Equal credit goes to Son Ye-jin. She plays Mi-ri with the required balance. She pressures and prods her husband toward necessary action, but never berates or belittles him. And as she begins to catch glimpses of what Man-su’s really been up to, she rallies to his defense.
The three veteran actors portraying Man-su’s imagined rivals each bring unique flair to their parts: Park Hee-soon as the pedantic influencer, Cha Seung-won as the simpering shoe salesman, and Lee Sung-min as the despondent former paper all-star. Also a delight: enraged Yeom Hye-ran as Sung-min’s adulterous wife.

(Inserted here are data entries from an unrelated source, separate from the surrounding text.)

Section ClosWithinBlocks.
Variables (A I : Type) (tag : I -> A -> Prop) (Rl : I -> relation A) (G : relation A).
Hypothesis tag_unique : forall i i' x, tag i x -> tag i' x -> i = i'.
Hypothesis Rl_sym : forall i, symmetric A (Rl i).
Hypothesis Rl_trans : forall i, transitive A (Rl i).
Hypothesis G_within : forall x y, G x y -> x = y \/ exists i, tag i x /\ tag i y /\ Rl i x y.

Lemma clos_rst_within_block x y : clos_refl_sym_trans A G x y ->
  x = y \/ exists i, tag i x /\ tag i y /\ Rl i x y.
Proof.
  induction 1 as [x y Hxy | x | x y _ IH | x y z _ IHxy _ IHyz].
  - exact (G_within x y Hxy).
  - now left.
  - destruct IH as [-> | (i & Hx & Hy & Hxy)]; [now left |].
    right; exists i; repeat split; [assumption | assumption | now apply Rl_sym].
  - destruct IHxy as [-> | (i & Hx & Hy & Hxy)]; [exact IHyz |].
    destruct IHyz as [<- | (i' & Hy' & Hz & Hyz)]; [right; now exists i |].
    pose proof (tag_unique i i' y Hy Hy'); subst i'.
    right; exists i; repeat split; [assumption | assumption | now apply Rl_trans with y].
Qed.
End ClosWithinBlocks.

Lemma IZR_powerRZ (z d : Z) : (0 <= d)%Z -> powerRZ (IZR z) d = IZR (z ^ d).
Proof. intros Hd. rewrite <- (Z2Nat.id d Hd), <- pow_powerRZ, pow_IZR. reflexivity. Qed.

Lemma powerRZ_IZR_neg_shift (z j j' : Z) : z <> 0%Z -> (j <= j')%Z ->
  powerRZ (IZR z) (- j) = IZR (z ^ (j' - j)) * powerRZ (IZR z) (- j').
Proof.
  intros Hz Hj.
  rewrite <- IZR_powerRZ, <- powerRZ_add by (lia || now apply not_0_IZR).
  f_equal; lia.
Qed.

Lemma powerRZ_neg_succ (x : R) (j : Z) : x <> 0 ->
  powerRZ x (- (j + 1)) = powerRZ x (- j) / x.
Proof.
  intros Hx. replace (- (j + 1))%Z with (- j + -1)%Z by lia.
  rewrite powerRZ_add by exact Hx. simpl. field. exact Hx.
Qed.

Lemma IZR_mul_lt_reg (u v : Z) (h : R) : 0 < h -> IZR u * h < IZR v * h -> (u < v)%Z.
Proof. intros Hh H. apply lt_IZR, (Rmult_lt_reg_r h); assumption. Qed.

Lemma IZR_mul_le_reg (u v : Z) (h : R) : 0 < h -> IZR u * h <= IZR v * h -> (u <= v)%Z.
Proof. intros Hh H. apply le_IZR, (Rmult_le_reg_r h); assumption. Qed.

Lemma grid_intervals_meet (u1 v1 u2 v2 : Z) (h s t : R) : 0 < h ->
  IZR u1 * h <= s <= IZR v1 * h -> IZR u2 * h <= t <= IZR v2 * h ->
  Rabs (s - t) < h ->
  exists r, IZR u1 * h <= r <= IZR v1 * h /\ IZR u2 * h <= r <= IZR v2 * h.
Proof.
  intros Hh Hs Ht Hst. apply Rabs_def2 in Hst.
  assert (u1 < v2 + 1)%Z by (apply (IZR_mul_lt_reg _ _ h); rewrite ?plus_IZR; lra).
  assert (u2 < v1 + 1)%Z by (apply (IZR_mul_lt_reg _ _ h); rewrite ?plus_IZR; lra).
  assert (u1 <= v1)%Z by (apply (IZR_mul_le_reg _ _ h); lra).
  assert (u2 <= v2)%Z by (apply (IZR_mul_le_reg _ _ h); lra).
  assert (Hle : forall p q, (p <= q)%Z -> IZR p * h <= IZR q * h)
    by (intros; apply Rmult_le_compat_r; [lra | now apply IZR_le]).
  exists (IZR (Z.max u1 u2) * h). repeat split; apply Hle; lia.
Qed.

Lemma m_IZR : m = IZR 4.
Proof. reflexivity. Qed.

Lemma mv_IZR (L : nat) : mv L = IZR (3 * Z.of_nat L).
Proof. unfold mv. rewrite mult_IZR, <- INR_IZR_INZ. reflexivity. Qed.

Lemma powerRZ_m_pos (j : Z) : 0 < powerRZ m j.
Proof. apply powerRZ_lt. unfold m; lra. Qed.

(* The union of the vertical 1-cells (a, n) and (a, n + 1) of Y_{j+1}.  The
   constraints on a and n say that these are the images under Phi^j of the
   segments a_{k,l,c} and a_{k,l,c} + (0, m_v^{-1}), with a = 4k + c and
   n = 3l + c - 1. *)
Definition glue_block (L : nat) (j a n : Z) (P : pt) : Prop :=
  (a mod 4 <> 0)%Z /\ (exists l, n = 3 * l + a mod 4 - 1)%Z /\
  fst P = IZR a * powerRZ m (- (j + 1)) /\
  IZR n * powerRZ (mv L) (- (j + 1)) <= snd P <= (IZR n + 2) * powerRZ (mv L) (- (j + 1)).

Lemma new_vline_not_coarser (a a' j j' : Z) : (j < j')%Z -> (a' mod 4 <> 0)%Z ->
  IZR a * powerRZ m (- j) <> IZR a' * powerRZ m (- j').
Proof.
  intros Hj Ha' E.
  rewrite m_IZR, (powerRZ_IZR_neg_shift 4 j j') in E by lia.
  assert (E' : IZR (a * 4 ^ (j' - j)) = IZR a').
  { apply (Rmult_eq_reg_r (powerRZ (IZR 4) (- j'))).
    - rewrite mult_IZR, <- E. ring.
    - apply powerRZ_NOR; lra. }
  apply eq_IZR in E'.
  replace (j' - j)%Z with (Z.succ (j' - j - 1)) in E' by lia.
  rewrite Z.pow_succ_r in E' by lia.
  assert (Ha'4 : (a' = 4 * (a * 4 ^ (j' - j - 1)))%Z) by (rewrite <- E'; ring).
  rewrite Ha'4, Z.mul_comm, Z_mod_mult in Ha'. contradiction.
Qed.

Lemma glue_block_vpath_chain (L : nat) (j a n : Z) :
  vpath_chain L j [(a, n, true); (a, n + 1, true)]%Z.
Proof.
  cbn [vpath_chain ve_end ve_start]. unfold vcell_hi, vcell_lo.
  rewrite plus_IZR. split; [apply rst_refl | exact I].
Qed.

Lemma glue_block_on_vpath (L : nat) (j a n : Z) (P : pt) : glue_block L j a n P ->
  on_vpath L j [(a, n, true); (a, n + 1, true)]%Z P.
Proof.
  intros (_ & _ & Hx & Hy).
  destruct (Rle_dec (snd P) ((IZR n + 1) * powerRZ (mv L) (- (j + 1)))).
  - exists (a, n, true). split; [now left |].
    exists P. split; [split; [exact Hx | lra] | apply rst_refl].
  - exists (a, (n + 1)%Z, true). split; [right; now left |].
    exists P. split; [split; [exact Hx | rewrite plus_IZR; lra] | apply rst_refl].
Qed.

Section Level.
Variable L : nat.
Hypothesis HL : (0 < L)%nat.

Lemma mv_ge_3 : 3 <= mv L.
Proof. unfold mv. pose proof (le_INR 1 L HL) as H. simpl in H. lra. Qed.

Lemma powerRZ_mv_pos (j : Z) : 0 < powerRZ (mv L) j.
Proof. apply powerRZ_lt. pose proof mv_ge_3; lra. Qed.

Lemma powerRZ_mv_antitone (i j : Z) : (j <= i)%Z ->
  powerRZ (mv L) (- i) <= powerRZ (mv L) (- j).
Proof.
  intros Hji. rewrite mv_IZR, (powerRZ_IZR_neg_shift _ j i) by lia. rewrite <- mv_IZR.
  assert (1 <= IZR ((3 * Z.of_nat L) ^ (i - j))).
  { apply IZR_le. enough (0 < (3 * Z.of_nat L) ^ (i - j))%Z by lia.
    apply Z.pow_pos_nonneg; lia. }
  pose proof (powerRZ_mv_pos (- i)). nra.
Qed.

Lemma glue_block_unique (j j' a a' n n' : Z) (P : pt) :
  glue_block L j a n P -> glue_block L j' a' n' P -> (j, a, n) = (j', a', n').
Proof.
  intros (Ha & [l Hn] & Hx & Hy) (Ha' & [l' Hn'] & Hx' & Hy').
  assert (Hj : j = j').
  { destruct (Z.lt_trichotomy j j') as [Hlt | [Heq | Hgt]]; [exfalso | exact Heq | exfalso].
    - apply (new_vline_not_coarser a a' (j + 1) (j' + 1)); [lia | exact Ha' | congruence].
    - apply (new_vline_not_coarser a' a (j' + 1) (j + 1)); [lia | exact Ha | congruence]. }
  subst j'.
  assert (Ha'' : a = a').
  { apply eq_IZR, (Rmult_eq_reg_r (powerRZ m (- (j + 1)))); [congruence |].
    apply Rgt_not_eq, powerRZ_m_pos. }
  subst a'.
  set (h := powerRZ (mv L) (- (j + 1))) in *.
  pose proof (powerRZ_mv_pos (- (j + 1))) as Hh; fold h in Hh.
  assert (n <= n' + 2)%Z by (apply (IZR_mul_le_reg _ _ h); rewrite ?plus_IZR; lra).
  assert (n' <= n + 2)%Z by (apply (IZR_mul_le_reg _ _ h); rewrite ?plus_IZR; lra).
  f_equal. lia.
Qed.

Lemma R0_glue_block (p q : pt) : Defs.R0 L p q ->
  exists a n, glue_block L 0 a n p /\ glue_block L 0 a n q.
Proof.
  intros [(k & l & c & Hc & Hx & Hy) ->].
  exists (4 * k + Z.of_nat c)%Z, (3 * l + Z.of_nat c - 1)%Z.
  assert (Hmod : ((4 * k + Z.of_nat c) mod 4 = Z.of_nat c)%Z)
    by (rewrite Z.add_comm, Z.mul_comm, Z_mod_plus_full, Z.mod_small; lia).
  assert (Hconstr : ((4 * k + Z.of_nat c) mod 4 <> 0)%Z /\
    (exists l', 3 * l + Z.of_nat c - 1 = 3 * l' + (4 * k + Z.of_nat c) mod 4 - 1)%Z)
    by (rewrite Hmod; split; [lia | exists l; lia]).
  pose proof mv_ge_3 as Hmv.
  unfold glue_block. rewrite !powerRZ_neg'. change (0 + 1)%Z with (Z.succ 0).
  rewrite !powerRZ_1, !minus_IZR, !plus_IZR, !mult_IZR, <- !INR_IZR_INZ.
  assert (Hfst : fst p = (4 * IZR k + INR c) * / m) by (rewrite Hx; unfold m; field).
  unfold Rdiv in Hy. set (u := / mv L) in *.
  assert (Hu : 0 < u) by (apply Rinv_0_lt_compat; lra).
  split; (split; [exact (proj1 Hconstr) | split; [exact (proj2 Hconstr) |]]);
    cbn [fst snd]; split; [exact Hfst | lra | exact Hfst | lra].
Qed.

A distinctive plot, great performances. What’s not to like? Thankfully, this dark comedy, though it has its eye-averting moments, isn’t a gorefest. Most of the grossness is brief or implied. But the long stretches of intended comic beats between those pivotal scenes … those are going to be purely subjective. You may belly laugh at what strikes you as cleverly absurd. Me, I just chuckled at what too often landed as simply silly. Which brings us to the more regretable problem. I came away feeling director Park Chan-wook was being more than a little indulgent in the way he shoehorned in so much side action, particularly Man-su’s fumblings and misteps in his pursuit of the competition. Individually, the absurd/silly scenes bring a belly laugh or a chuckle. But altogether they begin to weigh you down and get a bit tiresome. So that when the finale comes you’re just as glad to see it all over as you learn whether Man-su gets the fate you think he deserves.